Data provided START
(* Let $n,k$ be positive integers, let $\mathbf{U} = (u_{ij}) \in \{0, 1\}^{n \times k}$ be a binary clustering matrix with $\sum_{j=1}^k u_{ij} = 1$ for every $i$, such that $\mathbf{U}^T\mathbf{U}$ is invertible, let $\sigma$ be an element-wise nonlinear function, and define $\mathbf{C} = \mathbf{U} (\mathbf{U}^T \mathbf{U})^{-1} \mathbf{U}^T \in \mathbb{R}^{n\times n}$. Then for every $\mathbf{x} \in \mathbb{R}^{n}$, \[ \sigma(\mathbf{C} \mathbf{x}) = \mathbf{C}^T \sigma( \mathbf{C} \mathbf{x}). \]
   Context: Here $\sigma:\mathbb{R}\to\mathbb{R}$ is applied coordinate-wise to vectors. The condition $\sum_j u_{ij}=1$ means every row of $\mathbf{U}$ contains exactly one entry equal to $1$; invertibility of $\mathbf{U}^T\mathbf{U}$ (a diagonal matrix of cluster sizes) means every cluster is nonempty. *)

From mathcomp Require Import all_boot all_order all_algebra.
Set Implicit Arguments. Unset Strict Implicit. Unset Printing Implicit Defensive.
Import Order.TTheory GRing.Theory Num.Theory.
Local Open Scope ring_scope.

Definition clustering_matrix (R : numFieldType) (n k : nat) (U : 'M[R]_(n, k)) : Prop :=
  (forall i j, U i j = 0 \/ U i j = 1) /\
  (forall i, \sum_(j < k) U i j = 1).

Definition clust_proj (R : numFieldType) (n k : nat) (U : 'M[R]_(n, k)) : 'M[R]_n :=
  U *m invmx (U^T *m U) *m U^T.

From mathcomp Require Import all_boot all_order all_algebra.
From mathcomp Require Import reals.
Import Order.TTheory GRing.Theory Num.Theory.
Local Open Scope ring_scope.

Set Implicit Arguments.
Unset Strict Implicit.
Unset Printing Implicit Defensive.

(* Since every row of U has a single entry 1 and zeros elsewhere, σ commutes
   with multiplication by U.  Hence σ(Cx) = σ(U w) = U σ(w) stays in the column
   space of U, which the symmetric projection C fixes. *)

Section ClusteringMatrix.

Variables (R : numFieldType) (n k : nat) (U : 'M[R]_(n, k)).
Hypothesis hU : clustering_matrix U.

Lemma clustering_row_delta (i : 'I_n) :
  exists c, forall j, U i j = (j == c)%:R.
Proof.
case: hU => U01 U_rowsum.
have U_ge0 j : 0 <= U i j by case: (U01 i j) => ->; rewrite ?ler01.
have [c /eqP Uic1 | no_one] := pickP (fun j => U i j == 1); last first.
  have : \sum_(j < k) U i j = 0.
    by apply: big1 => j _; case: (U01 i j) => // Uij1; move: (no_one j); rewrite Uij1 eqxx.
  by rewrite U_rowsum => /eqP; rewrite oner_eq0.
exists c => j; have [-> // | j_neq_c] := eqVneq j c.
have rest0 : \sum_(l < k | l != c) U i l = 0.
  have := U_rowsum i; rewrite (bigD1 c) //= Uic1 => rowsum.
  by apply: (addrI 1); rewrite rowsum addr0.
by rewrite (psumr_eq0P (fun l _ => U_ge0 l) rest0).
Qed.

Lemma clustering_row_sum (i : 'I_n) :
  exists c, forall F : 'I_k -> R, \sum_j U i j * F j = F c.
Proof.
have [c Ui] := clustering_row_delta i; exists c => F.
rewrite (bigD1 c) //= big1 => [|l /negbTE l_neq_c]; last by rewrite Ui l_neq_c mul0r.
by rewrite Ui eqxx mul1r addr0.
Qed.

Lemma map_mx_clustering_mul (f : R -> R) (m : nat) (w : 'M[R]_(k, m)) :
  map_mx f (U *m w) = U *m map_mx f w.
Proof.
apply/matrixP => i j; have [c row_sum] := clustering_row_sum i.
by rewrite !mxE !row_sum mxE.
Qed.

End ClusteringMatrix.

Lemma trmx_clust_proj (R : numFieldType) (n k : nat) (U : 'M[R]_(n, k)) :
  (clust_proj U)^T = clust_proj U.
Proof. by rewrite /clust_proj !trmx_mul trmxK trmx_inv trmx_mul trmxK mulmxA. Qed.

Lemma clust_proj_mulmx (R : numFieldType) (n k : nat) (U : 'M[R]_(n, k)) :
  U^T *m U \in unitmx -> clust_proj U *m U = U.
Proof. by move=> UtU_unit; rewrite /clust_proj -!mulmxA mulVmx ?mulmx1. Qed.

Theorem lemma2 (R : realType) (n k : nat) (hn : (0 < n)%N) (hk : (0 < k)%N)
  (U : 'M[R]_(n, k)) (hU : clustering_matrix U) (hinv : U^T *m U \in unitmx)
  (sigma : R -> R) (x : 'cV[R]_n) :
  map_mx sigma (clust_proj U *m x) = (clust_proj U)^T *m map_mx sigma (clust_proj U *m x).
Proof.
have -> : clust_proj U *m x = U *m (invmx (U^T *m U) *m U^T *m x).
  by rewrite /clust_proj !mulmxA.
rewrite (map_mx_clustering_mul hU) trmx_clust_proj.
by rewrite mulmxA clust_proj_mulmx.
Qed.
Lemma n_colorings0 cmp V : n_colorings cmp V 0 = (V == set0).
Proof.
have [-> | /set0Pn [v vV]] := eqVneq V set0.
  apply: (@eq_card1 _ [ffun => ord0]) => c; rewrite !inE.
  have -> : monotone r cmp set0 c by apply/monotoneP => i; rewrite inE.
  rewrite andbT; apply/colors_onP/eqP => [[_ le0] | ->].
    by apply/ffunP => i; apply/val_inj; rewrite ffunE /=; apply/eqP; rewrite -leqn0.
  by split=> i; rewrite ffunE // inE.
apply: eq_card0 => c; rewrite !inE; apply/negP => /andP [/colors_onP [pos le] _].
by move: (le v) (pos v); rewrite leqn0 vV => /eqP ->.
Qed.

(* recolor U b c gives color b to the vertices of U.  With b = 0 it removes U
   from the colored set; with b the top color it puts U back. *)
Definition recolor U (b : nat) c : {ffun I -> 'I_K.+1} :=
  [ffun i => if i \in U then inord b else c i].

Lemma recolorE U b c i : b <= K ->
  recolor U b c i = (if i \in U then b else c i) :> nat.
Proof. by move=> bK; rewrite ffunE; case: ifP => // _; rewrite inordK. Qed.

Lemma recolor_id U b c : b <= K -> {in U, forall u, c u = b :> nat} -> recolor U b c = c.
Proof.
move=> bK cU; apply/ffunP => i; apply: val_inj => /=; rewrite recolorE //.
by case: ifPn => // /cU ->.
Qed.

Lemma recolor_idem U a b c : recolor U a (recolor U b c) = recolor U a c.
Proof. by apply/ffunP => i; rewrite !ffunE; case: (i \in U). Qed.

Lemma card_recolor (P Q : pred {ffun I -> 'I_K.+1}) U a b : a <= K -> b <= K ->
  (forall c, P c -> Q (recolor U b c)) -> (forall c, Q c -> P (recolor U a c)) ->
  (forall c, P c -> {in U, forall u, c u = a :> nat}) ->
  (forall c, Q c -> {in U, forall u, c u = b :> nat}) ->
  #|[set c | P c]| = #|[set c | Q c]|.
Proof.
move=> aK bK PQ QP Pa Qb.
apply: (card_bij (f := recolor U b) (g := recolor U a)) => c; rewrite !inE.
- exact: PQ.
- exact: QP.
- by move=> Pc; rewrite recolor_idem recolor_id //; apply: Pa.
- by move=> Qc; rewrite recolor_idem recolor_id //; apply: Qb.
Qed.

Lemma colors_on_clear V U m m' c : colors_on V m c -> {in ~: U, forall i, c i <= m'} ->
  colors_on (V :\: U) m' (recolor U 0 c).
Proof.
move=> /colors_onP [pos le] le'; apply/colors_onP; split=> i; rewrite recolorE //.
  by rewrite inE; case: ifP => iU //=; rewrite pos.
by case: ifPn => // iU; apply: le'; rewrite inE.
Qed.

Lemma colors_on_fill V U m b c : U \subset V -> 0 < b <= K -> m <= b ->
  colors_on (V :\: U) m c -> colors_on V b (recolor U b c).
Proof.
move=> UV /andP [b0 bK] mb /colors_onP [pos le]; apply/colors_onP; split=> i;
  rewrite recolorE //; case: ifPn => iU //.
- by rewrite b0 (subsetP UV).
- by rewrite pos inE iU.
- exact: leq_trans (le i) mb.
Qed.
Data provided END
● **What you will do**
In the entries above, please find the line with "by apply/ffunP => i; apply/val_inj;" and the line with "Proof. by move=> bK;", then write out exactly those two lines and every line between them, and nothing more.

● **Your response**
    by apply/ffunP => i; apply/val_inj; rewrite ffunE /=; apply/eqP; rewrite -leqn0.
  by split=> i; rewrite ffunE // inE.
apply: eq_card0 => c; rewrite !inE; apply/negP => /andP [/colors_onP [pos le] _].
by move: (le v) (pos v); rewrite leqn0 vV => /eqP ->.
Qed.

(* recolor U b c gives color b to the vertices of U.  With b = 0 it removes U
   from the colored set; with b the top color it puts U back. *)
Definition recolor U (b : nat) c : {ffun I -> 'I_K.+1} :=
  [ffun i => if i \in U then inord b else c i].

Lemma recolorE U b c i : b <= K ->
  recolor U b c i = (if i \in U then b else c i) :> nat.
Proof. by move=> bK; rewrite ffunE; case: ifP => // _; rewrite inordK. Qed.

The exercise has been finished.